*About this exercise:*
From the records below, transcribe exactly the lines that begin at the line with "rewrite !inE => /orP[]/eqP-> /orP[]/eqP->" and end at the line with "Lemma set2_in_matching (M", both included.
+++
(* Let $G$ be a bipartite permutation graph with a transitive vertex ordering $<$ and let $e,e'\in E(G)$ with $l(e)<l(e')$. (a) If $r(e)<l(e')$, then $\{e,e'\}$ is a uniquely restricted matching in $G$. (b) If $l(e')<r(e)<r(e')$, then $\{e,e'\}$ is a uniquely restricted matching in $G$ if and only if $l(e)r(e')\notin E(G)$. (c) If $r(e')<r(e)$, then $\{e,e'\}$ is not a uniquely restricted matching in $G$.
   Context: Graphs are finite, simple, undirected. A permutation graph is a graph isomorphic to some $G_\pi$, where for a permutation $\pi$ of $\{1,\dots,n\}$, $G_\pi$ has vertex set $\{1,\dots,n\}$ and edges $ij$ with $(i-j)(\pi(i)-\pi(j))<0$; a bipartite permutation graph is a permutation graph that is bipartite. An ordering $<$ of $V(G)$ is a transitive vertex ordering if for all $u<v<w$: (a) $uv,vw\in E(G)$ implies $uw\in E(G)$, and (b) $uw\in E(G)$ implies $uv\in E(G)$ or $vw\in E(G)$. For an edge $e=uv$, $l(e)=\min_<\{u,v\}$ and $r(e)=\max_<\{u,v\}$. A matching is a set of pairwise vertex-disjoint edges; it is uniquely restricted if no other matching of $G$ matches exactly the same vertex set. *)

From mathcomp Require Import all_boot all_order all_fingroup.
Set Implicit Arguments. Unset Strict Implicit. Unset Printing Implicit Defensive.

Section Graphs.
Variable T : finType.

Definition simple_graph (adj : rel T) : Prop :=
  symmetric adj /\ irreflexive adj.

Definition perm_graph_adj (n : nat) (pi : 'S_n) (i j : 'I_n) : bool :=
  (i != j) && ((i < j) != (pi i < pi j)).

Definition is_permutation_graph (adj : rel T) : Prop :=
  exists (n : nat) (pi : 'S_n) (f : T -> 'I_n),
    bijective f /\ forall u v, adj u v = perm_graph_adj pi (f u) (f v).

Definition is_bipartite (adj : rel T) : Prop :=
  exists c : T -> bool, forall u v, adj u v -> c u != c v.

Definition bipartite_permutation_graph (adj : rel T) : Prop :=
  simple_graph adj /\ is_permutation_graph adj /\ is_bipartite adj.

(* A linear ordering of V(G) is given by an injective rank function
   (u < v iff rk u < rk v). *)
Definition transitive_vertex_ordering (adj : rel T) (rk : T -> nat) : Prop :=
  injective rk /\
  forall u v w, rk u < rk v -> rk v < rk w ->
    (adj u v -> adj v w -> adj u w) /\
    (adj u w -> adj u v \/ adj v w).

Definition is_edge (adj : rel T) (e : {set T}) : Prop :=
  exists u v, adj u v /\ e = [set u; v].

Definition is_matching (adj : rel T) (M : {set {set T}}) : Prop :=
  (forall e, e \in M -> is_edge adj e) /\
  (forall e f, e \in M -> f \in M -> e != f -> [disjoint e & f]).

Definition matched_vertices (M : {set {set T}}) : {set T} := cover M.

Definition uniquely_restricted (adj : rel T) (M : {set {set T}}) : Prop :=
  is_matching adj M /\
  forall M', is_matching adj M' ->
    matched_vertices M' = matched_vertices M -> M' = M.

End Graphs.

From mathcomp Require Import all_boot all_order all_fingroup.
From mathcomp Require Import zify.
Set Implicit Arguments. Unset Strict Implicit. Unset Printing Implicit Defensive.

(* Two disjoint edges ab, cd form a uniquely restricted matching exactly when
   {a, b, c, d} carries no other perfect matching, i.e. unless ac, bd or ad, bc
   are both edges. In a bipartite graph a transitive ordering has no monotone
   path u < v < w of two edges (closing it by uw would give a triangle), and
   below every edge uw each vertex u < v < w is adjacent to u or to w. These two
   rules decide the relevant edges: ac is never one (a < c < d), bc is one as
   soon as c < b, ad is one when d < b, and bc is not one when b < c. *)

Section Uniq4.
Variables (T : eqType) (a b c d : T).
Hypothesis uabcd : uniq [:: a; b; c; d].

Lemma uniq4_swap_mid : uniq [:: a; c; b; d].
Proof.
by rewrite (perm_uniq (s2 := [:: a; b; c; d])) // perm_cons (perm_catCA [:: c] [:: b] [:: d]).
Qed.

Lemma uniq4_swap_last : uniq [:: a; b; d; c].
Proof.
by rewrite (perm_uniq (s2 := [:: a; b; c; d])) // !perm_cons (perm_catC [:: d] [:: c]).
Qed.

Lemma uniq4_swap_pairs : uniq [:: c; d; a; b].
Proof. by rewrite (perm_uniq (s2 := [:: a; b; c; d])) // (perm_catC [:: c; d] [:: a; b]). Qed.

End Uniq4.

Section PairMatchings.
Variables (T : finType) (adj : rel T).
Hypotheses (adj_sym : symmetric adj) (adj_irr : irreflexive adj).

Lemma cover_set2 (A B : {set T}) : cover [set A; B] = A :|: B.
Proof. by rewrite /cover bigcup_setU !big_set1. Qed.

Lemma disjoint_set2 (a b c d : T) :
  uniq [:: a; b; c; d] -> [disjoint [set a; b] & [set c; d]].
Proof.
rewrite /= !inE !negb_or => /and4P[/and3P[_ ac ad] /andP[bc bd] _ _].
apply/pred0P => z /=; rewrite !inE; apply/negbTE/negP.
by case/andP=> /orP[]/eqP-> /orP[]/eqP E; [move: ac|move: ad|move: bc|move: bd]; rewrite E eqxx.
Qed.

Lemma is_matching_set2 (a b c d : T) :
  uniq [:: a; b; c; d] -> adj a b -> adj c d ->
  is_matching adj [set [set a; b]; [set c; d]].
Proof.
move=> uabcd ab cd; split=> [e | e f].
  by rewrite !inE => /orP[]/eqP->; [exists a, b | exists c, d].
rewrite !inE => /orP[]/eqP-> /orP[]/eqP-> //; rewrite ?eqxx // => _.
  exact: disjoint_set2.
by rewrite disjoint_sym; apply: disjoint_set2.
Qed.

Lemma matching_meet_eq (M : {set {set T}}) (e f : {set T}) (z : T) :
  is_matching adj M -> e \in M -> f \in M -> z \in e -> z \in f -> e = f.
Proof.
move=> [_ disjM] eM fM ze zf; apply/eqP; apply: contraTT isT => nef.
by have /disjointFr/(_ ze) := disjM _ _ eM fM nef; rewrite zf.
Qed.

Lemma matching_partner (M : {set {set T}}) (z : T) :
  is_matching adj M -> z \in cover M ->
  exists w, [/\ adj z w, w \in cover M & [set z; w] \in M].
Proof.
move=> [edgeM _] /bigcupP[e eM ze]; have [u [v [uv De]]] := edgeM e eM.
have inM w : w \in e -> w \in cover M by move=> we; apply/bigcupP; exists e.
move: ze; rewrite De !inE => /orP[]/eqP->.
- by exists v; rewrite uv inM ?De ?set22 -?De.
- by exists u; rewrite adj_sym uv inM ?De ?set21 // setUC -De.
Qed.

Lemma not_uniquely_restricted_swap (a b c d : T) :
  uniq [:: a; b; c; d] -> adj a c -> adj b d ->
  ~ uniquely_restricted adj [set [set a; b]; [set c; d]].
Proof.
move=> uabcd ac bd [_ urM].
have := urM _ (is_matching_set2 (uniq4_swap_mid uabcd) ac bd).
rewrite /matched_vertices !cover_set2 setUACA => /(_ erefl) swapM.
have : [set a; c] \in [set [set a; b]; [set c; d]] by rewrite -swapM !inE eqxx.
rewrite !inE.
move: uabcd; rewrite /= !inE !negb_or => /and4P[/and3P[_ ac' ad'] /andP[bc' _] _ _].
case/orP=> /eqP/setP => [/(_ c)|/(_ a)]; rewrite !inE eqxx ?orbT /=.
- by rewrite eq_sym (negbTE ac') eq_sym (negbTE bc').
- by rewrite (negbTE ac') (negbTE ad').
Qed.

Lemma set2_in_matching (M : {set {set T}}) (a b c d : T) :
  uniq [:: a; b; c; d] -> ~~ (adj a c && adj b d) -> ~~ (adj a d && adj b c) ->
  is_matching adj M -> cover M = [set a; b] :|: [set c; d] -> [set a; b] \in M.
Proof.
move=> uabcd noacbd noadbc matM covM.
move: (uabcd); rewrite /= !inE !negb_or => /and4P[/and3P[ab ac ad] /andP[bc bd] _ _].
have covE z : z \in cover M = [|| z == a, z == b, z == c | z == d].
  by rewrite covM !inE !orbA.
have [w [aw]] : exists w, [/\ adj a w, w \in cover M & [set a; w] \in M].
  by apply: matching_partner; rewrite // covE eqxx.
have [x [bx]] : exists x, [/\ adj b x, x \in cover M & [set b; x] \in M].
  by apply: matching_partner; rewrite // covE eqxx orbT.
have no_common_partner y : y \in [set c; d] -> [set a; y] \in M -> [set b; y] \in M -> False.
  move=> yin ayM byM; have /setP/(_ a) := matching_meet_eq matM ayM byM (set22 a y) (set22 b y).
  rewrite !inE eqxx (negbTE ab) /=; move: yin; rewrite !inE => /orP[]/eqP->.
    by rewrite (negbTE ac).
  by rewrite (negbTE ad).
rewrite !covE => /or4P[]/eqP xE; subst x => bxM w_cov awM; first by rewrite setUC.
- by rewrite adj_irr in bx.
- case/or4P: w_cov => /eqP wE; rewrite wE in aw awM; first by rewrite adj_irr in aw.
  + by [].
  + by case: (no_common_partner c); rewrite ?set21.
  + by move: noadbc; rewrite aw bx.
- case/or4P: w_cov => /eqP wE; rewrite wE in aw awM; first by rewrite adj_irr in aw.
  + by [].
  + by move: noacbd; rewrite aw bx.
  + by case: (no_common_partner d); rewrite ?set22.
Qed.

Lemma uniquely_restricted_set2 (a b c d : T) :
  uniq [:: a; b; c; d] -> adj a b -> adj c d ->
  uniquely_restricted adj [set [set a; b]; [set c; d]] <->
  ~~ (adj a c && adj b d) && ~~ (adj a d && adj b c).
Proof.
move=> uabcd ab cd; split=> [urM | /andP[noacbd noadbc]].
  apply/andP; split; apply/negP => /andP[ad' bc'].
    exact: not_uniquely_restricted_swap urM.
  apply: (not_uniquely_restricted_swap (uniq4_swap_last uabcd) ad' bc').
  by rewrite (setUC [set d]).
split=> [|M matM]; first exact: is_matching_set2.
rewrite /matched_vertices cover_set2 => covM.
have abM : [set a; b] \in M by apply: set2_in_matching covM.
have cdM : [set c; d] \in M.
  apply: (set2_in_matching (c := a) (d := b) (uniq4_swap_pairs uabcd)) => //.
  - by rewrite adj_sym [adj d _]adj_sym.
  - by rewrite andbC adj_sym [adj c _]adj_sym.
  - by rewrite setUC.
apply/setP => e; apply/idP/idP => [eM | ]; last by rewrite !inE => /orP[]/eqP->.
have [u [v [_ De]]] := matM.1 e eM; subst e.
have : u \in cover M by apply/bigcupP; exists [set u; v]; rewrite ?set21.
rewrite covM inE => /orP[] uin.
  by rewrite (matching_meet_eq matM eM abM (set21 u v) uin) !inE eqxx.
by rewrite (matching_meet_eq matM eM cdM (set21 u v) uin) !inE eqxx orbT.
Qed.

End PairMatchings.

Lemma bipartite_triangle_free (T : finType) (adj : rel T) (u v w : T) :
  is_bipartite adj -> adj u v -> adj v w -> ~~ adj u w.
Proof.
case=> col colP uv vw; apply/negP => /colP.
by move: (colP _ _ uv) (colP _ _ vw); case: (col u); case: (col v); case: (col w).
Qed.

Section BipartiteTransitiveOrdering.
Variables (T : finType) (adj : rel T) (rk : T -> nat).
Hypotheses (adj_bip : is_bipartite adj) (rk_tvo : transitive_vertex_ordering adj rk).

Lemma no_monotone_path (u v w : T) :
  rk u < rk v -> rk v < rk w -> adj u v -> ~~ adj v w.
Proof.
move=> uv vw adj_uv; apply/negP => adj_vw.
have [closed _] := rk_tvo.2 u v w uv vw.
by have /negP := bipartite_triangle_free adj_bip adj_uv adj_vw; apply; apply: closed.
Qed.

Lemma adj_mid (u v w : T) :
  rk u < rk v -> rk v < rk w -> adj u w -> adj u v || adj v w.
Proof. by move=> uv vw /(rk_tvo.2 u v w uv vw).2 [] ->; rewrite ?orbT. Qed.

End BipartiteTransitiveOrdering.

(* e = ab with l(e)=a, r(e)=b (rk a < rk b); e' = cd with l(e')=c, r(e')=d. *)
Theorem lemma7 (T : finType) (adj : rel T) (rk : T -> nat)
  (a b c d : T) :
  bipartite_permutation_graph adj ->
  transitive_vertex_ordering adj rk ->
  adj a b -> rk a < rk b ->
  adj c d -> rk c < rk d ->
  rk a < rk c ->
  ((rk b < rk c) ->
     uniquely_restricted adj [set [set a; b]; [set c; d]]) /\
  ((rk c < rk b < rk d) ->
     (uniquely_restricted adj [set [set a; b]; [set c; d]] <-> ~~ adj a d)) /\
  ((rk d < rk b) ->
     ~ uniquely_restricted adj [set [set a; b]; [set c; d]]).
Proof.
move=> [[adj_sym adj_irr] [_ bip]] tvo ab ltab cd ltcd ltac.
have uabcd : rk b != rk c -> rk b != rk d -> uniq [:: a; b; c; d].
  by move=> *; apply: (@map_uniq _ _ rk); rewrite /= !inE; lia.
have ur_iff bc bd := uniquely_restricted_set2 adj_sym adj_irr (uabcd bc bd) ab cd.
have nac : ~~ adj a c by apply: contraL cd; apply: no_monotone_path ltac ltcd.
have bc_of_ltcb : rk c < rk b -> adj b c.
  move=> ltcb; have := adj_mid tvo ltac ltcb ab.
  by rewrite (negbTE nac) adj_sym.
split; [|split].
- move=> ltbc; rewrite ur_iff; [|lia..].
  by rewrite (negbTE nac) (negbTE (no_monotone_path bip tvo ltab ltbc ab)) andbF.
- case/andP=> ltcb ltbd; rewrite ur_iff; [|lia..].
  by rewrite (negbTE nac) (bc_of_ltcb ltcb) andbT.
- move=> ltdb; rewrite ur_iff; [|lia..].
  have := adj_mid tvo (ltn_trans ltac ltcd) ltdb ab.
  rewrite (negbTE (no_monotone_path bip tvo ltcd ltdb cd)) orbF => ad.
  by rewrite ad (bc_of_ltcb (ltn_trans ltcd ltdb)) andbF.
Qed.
+++
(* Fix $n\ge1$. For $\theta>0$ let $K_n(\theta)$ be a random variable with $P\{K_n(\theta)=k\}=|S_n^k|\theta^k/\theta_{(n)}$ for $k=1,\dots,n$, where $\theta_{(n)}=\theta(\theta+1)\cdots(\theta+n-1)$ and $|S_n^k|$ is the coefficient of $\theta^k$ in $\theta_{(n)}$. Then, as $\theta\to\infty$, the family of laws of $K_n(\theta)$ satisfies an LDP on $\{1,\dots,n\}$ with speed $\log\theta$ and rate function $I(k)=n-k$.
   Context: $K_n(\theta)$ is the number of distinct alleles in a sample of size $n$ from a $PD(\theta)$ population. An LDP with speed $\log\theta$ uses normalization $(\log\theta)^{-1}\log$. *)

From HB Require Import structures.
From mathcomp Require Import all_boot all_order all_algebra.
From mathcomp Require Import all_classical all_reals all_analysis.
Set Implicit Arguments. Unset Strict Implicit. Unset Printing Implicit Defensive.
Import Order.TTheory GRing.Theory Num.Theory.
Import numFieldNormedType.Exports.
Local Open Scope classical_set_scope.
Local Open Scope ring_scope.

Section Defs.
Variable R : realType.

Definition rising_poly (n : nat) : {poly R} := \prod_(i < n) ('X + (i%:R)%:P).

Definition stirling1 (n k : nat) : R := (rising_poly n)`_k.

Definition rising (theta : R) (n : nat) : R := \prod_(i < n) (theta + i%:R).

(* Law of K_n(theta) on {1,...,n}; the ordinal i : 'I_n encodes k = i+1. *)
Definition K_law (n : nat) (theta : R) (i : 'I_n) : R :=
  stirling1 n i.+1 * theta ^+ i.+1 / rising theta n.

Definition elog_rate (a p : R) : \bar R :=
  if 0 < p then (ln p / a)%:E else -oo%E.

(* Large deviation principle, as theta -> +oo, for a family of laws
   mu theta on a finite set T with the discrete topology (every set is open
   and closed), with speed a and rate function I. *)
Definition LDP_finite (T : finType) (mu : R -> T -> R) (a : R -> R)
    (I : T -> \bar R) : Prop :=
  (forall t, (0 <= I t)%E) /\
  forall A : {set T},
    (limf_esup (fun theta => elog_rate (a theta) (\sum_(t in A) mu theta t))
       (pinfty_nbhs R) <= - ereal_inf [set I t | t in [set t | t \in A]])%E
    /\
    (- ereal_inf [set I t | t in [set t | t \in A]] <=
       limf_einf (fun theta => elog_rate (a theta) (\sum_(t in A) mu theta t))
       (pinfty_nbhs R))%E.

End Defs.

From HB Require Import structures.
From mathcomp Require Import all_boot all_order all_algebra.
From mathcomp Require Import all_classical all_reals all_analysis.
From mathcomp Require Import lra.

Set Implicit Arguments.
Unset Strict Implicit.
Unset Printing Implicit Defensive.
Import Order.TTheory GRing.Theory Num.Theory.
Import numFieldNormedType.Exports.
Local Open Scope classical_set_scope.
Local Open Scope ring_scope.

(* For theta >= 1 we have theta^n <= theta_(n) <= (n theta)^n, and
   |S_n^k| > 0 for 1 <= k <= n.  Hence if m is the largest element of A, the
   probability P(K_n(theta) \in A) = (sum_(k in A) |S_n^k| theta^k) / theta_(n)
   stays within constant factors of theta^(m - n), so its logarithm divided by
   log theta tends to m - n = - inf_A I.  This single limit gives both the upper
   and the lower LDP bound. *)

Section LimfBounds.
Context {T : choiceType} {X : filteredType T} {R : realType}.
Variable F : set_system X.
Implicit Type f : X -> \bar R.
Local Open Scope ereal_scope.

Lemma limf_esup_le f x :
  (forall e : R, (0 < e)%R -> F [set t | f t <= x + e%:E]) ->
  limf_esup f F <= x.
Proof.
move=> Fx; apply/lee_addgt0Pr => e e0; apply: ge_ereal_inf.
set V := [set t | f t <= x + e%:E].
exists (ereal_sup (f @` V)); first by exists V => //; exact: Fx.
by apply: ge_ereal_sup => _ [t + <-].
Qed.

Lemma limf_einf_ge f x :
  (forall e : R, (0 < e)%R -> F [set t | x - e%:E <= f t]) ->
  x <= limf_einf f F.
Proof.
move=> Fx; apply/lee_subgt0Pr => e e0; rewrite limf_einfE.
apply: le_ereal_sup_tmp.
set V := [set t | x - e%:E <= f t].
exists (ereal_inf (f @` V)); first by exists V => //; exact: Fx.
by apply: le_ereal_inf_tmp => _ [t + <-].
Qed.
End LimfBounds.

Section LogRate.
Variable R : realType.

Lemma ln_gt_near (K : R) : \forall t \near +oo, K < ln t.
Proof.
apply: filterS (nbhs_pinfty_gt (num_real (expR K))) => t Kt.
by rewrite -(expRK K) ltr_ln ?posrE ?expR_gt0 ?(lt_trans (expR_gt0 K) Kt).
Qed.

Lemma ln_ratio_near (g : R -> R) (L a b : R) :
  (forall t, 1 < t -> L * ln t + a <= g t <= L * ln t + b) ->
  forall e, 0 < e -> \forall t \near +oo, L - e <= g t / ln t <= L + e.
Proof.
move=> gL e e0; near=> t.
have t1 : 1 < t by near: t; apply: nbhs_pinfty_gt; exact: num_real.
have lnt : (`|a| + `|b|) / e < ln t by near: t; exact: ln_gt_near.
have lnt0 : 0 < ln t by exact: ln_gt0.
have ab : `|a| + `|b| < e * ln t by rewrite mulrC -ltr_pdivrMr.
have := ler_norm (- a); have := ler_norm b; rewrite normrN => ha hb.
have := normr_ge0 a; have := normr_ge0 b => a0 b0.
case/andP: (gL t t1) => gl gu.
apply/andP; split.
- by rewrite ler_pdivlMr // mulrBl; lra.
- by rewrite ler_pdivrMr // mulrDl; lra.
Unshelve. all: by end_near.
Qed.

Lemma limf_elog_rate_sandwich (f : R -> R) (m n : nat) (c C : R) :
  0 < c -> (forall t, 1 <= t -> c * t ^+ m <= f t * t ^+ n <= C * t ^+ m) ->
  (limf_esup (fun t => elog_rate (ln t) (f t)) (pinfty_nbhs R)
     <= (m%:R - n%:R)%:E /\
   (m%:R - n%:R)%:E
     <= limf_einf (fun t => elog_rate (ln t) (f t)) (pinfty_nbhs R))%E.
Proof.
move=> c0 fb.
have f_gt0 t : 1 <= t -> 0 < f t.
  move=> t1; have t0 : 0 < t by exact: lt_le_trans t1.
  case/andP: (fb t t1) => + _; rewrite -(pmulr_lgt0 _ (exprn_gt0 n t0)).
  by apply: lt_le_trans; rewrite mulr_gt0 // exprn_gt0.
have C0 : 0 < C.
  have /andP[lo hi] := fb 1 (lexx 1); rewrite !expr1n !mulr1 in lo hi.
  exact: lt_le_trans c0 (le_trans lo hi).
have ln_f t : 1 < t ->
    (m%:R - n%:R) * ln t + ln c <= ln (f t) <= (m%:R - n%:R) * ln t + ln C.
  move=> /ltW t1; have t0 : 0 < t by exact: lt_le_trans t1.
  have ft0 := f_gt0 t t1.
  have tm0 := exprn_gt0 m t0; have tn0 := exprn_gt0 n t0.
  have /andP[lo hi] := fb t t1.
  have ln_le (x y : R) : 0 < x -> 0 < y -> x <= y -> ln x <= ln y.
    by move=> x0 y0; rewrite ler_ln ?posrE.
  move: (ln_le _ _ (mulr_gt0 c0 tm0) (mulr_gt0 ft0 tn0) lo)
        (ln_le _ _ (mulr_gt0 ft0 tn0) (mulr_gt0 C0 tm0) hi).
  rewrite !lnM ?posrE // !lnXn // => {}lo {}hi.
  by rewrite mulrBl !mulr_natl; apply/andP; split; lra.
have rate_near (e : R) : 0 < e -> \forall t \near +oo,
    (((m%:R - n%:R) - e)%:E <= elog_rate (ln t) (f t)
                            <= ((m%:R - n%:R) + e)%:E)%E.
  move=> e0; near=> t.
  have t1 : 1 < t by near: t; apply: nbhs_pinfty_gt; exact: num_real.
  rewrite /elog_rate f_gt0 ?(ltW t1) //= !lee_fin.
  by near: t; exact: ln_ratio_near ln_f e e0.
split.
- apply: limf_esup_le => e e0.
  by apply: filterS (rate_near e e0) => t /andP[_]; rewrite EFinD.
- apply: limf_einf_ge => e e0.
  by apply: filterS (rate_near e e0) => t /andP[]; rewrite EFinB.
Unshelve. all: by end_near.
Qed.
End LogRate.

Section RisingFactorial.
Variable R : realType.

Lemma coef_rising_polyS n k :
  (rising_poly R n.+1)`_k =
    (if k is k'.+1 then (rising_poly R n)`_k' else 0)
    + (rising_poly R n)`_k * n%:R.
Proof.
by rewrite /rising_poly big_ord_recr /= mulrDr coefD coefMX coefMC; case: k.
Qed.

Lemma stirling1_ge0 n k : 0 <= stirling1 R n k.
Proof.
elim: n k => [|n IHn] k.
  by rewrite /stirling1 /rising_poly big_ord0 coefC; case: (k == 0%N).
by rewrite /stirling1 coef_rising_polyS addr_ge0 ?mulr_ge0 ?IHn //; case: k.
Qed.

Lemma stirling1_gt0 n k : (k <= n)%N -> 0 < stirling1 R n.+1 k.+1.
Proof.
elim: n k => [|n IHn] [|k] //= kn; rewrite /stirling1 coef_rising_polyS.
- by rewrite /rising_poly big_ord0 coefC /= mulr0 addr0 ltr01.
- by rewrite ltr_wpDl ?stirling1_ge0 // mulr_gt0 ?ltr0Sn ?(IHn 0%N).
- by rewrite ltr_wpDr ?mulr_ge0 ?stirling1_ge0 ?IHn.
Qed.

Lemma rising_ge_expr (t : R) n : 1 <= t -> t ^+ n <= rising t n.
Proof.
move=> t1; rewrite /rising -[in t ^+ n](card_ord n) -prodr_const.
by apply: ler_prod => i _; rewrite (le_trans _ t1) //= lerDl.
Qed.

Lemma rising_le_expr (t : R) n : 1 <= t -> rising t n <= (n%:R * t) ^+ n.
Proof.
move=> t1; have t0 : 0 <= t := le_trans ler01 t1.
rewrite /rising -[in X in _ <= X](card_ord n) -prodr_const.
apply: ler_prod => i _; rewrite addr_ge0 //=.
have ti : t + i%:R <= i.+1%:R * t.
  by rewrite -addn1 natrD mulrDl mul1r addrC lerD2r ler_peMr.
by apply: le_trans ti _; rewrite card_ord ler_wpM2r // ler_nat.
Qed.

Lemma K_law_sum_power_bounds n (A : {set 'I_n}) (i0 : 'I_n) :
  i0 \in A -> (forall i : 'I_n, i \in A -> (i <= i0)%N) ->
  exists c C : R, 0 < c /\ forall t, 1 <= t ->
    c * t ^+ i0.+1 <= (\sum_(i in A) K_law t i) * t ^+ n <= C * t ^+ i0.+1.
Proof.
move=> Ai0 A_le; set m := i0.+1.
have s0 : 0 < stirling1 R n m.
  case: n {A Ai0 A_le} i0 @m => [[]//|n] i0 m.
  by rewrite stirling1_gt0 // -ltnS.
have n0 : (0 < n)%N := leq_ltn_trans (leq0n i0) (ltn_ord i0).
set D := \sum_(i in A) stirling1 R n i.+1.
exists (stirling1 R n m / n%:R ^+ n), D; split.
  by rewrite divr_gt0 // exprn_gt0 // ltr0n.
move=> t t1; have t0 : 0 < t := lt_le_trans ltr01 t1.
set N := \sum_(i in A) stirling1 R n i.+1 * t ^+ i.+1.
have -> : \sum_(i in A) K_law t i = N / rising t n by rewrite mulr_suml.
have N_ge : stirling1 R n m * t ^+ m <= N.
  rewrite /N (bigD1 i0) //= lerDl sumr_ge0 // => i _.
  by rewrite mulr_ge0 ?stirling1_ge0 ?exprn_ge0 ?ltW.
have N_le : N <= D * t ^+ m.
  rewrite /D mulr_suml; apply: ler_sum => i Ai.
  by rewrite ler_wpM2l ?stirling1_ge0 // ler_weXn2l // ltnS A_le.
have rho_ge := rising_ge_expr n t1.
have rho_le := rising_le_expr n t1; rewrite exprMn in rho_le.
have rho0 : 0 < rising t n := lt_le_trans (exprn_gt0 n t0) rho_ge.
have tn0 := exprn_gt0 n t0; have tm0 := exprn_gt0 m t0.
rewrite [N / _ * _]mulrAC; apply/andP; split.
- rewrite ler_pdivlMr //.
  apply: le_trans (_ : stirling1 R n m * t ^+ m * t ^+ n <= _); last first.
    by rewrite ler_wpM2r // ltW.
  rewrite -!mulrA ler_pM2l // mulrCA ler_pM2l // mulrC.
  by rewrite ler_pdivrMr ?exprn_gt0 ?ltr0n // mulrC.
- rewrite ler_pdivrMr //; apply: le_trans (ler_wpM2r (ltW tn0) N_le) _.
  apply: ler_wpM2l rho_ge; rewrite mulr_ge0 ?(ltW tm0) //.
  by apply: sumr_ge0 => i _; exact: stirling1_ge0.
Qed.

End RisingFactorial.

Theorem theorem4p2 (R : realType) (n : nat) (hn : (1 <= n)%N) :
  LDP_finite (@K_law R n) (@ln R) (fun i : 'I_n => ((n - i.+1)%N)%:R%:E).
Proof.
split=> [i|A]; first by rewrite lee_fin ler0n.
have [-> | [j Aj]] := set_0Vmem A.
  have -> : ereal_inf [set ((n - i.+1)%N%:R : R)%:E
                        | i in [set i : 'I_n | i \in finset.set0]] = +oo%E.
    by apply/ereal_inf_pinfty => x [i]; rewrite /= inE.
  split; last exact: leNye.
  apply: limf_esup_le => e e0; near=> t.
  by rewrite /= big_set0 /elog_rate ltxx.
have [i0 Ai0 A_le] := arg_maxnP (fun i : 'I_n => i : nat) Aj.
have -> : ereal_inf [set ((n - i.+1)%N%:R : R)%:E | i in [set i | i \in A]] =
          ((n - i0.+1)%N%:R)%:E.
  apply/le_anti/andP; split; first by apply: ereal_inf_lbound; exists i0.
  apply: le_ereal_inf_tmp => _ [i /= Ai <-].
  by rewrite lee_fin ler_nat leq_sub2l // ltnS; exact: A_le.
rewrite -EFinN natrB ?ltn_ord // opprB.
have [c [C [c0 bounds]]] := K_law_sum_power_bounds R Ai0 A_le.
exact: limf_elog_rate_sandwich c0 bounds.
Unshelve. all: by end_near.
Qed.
+++
*Response:*
rewrite !inE => /orP[]/eqP-> /orP[]/eqP-> //; rewrite ?eqxx // => _.
  exact: disjoint_set2.
by rewrite disjoint_sym; apply: disjoint_set2.
Qed.

Lemma matching_meet_eq (M : {set {set T}}) (e f : {set T}) (z : T) :
  is_matching adj M -> e \in M -> f \in M -> z \in e -> z \in f -> e = f.
Proof.
move=> [_ disjM] eM fM ze zf; apply/eqP; apply: contraTT isT => nef.
by have /disjointFr/(_ ze) := disjM _ _ eM fM nef; rewrite zf.
Qed.

Lemma matching_partner (M : {set {set T}}) (z : T) :
  is_matching adj M -> z \in cover M ->
  exists w, [/\ adj z w, w \in cover M & [set z; w] \in M].
Proof.
move=> [edgeM _] /bigcupP[e eM ze]; have [u [v [uv De]]] := edgeM e eM.
have inM w : w \in e -> w \in cover M by move=> we; apply/bigcupP; exists e.
move: ze; rewrite De !inE => /orP[]/eqP->.
- by exists v; rewrite uv inM ?De ?set22 -?De.
- by exists u; rewrite adj_sym uv inM ?De ?set21 // setUC -De.
Qed.

Lemma not_uniquely_restricted_swap (a b c d : T) :
  uniq [:: a; b; c; d] -> adj a c -> adj b d ->
  ~ uniquely_restricted adj [set [set a; b]; [set c; d]].
Proof.
move=> uabcd ac bd [_ urM].
have := urM _ (is_matching_set2 (uniq4_swap_mid uabcd) ac bd).
rewrite /matched_vertices !cover_set2 setUACA => /(_ erefl) swapM.
have : [set a; c] \in [set [set a; b]; [set c; d]] by rewrite -swapM !inE eqxx.
rewrite !inE.
move: uabcd; rewrite /= !inE !negb_or => /and4P[/and3P[_ ac' ad'] /andP[bc' _] _ _].
case/orP=> /eqP/setP => [/(_ c)|/(_ a)]; rewrite !inE eqxx ?orbT /=.
- by rewrite eq_sym (negbTE ac') eq_sym (negbTE bc').
- by rewrite (negbTE ac') (negbTE ad').
Qed.

Lemma set2_in_matching (M : {set {set T}}) (a b c d : T) :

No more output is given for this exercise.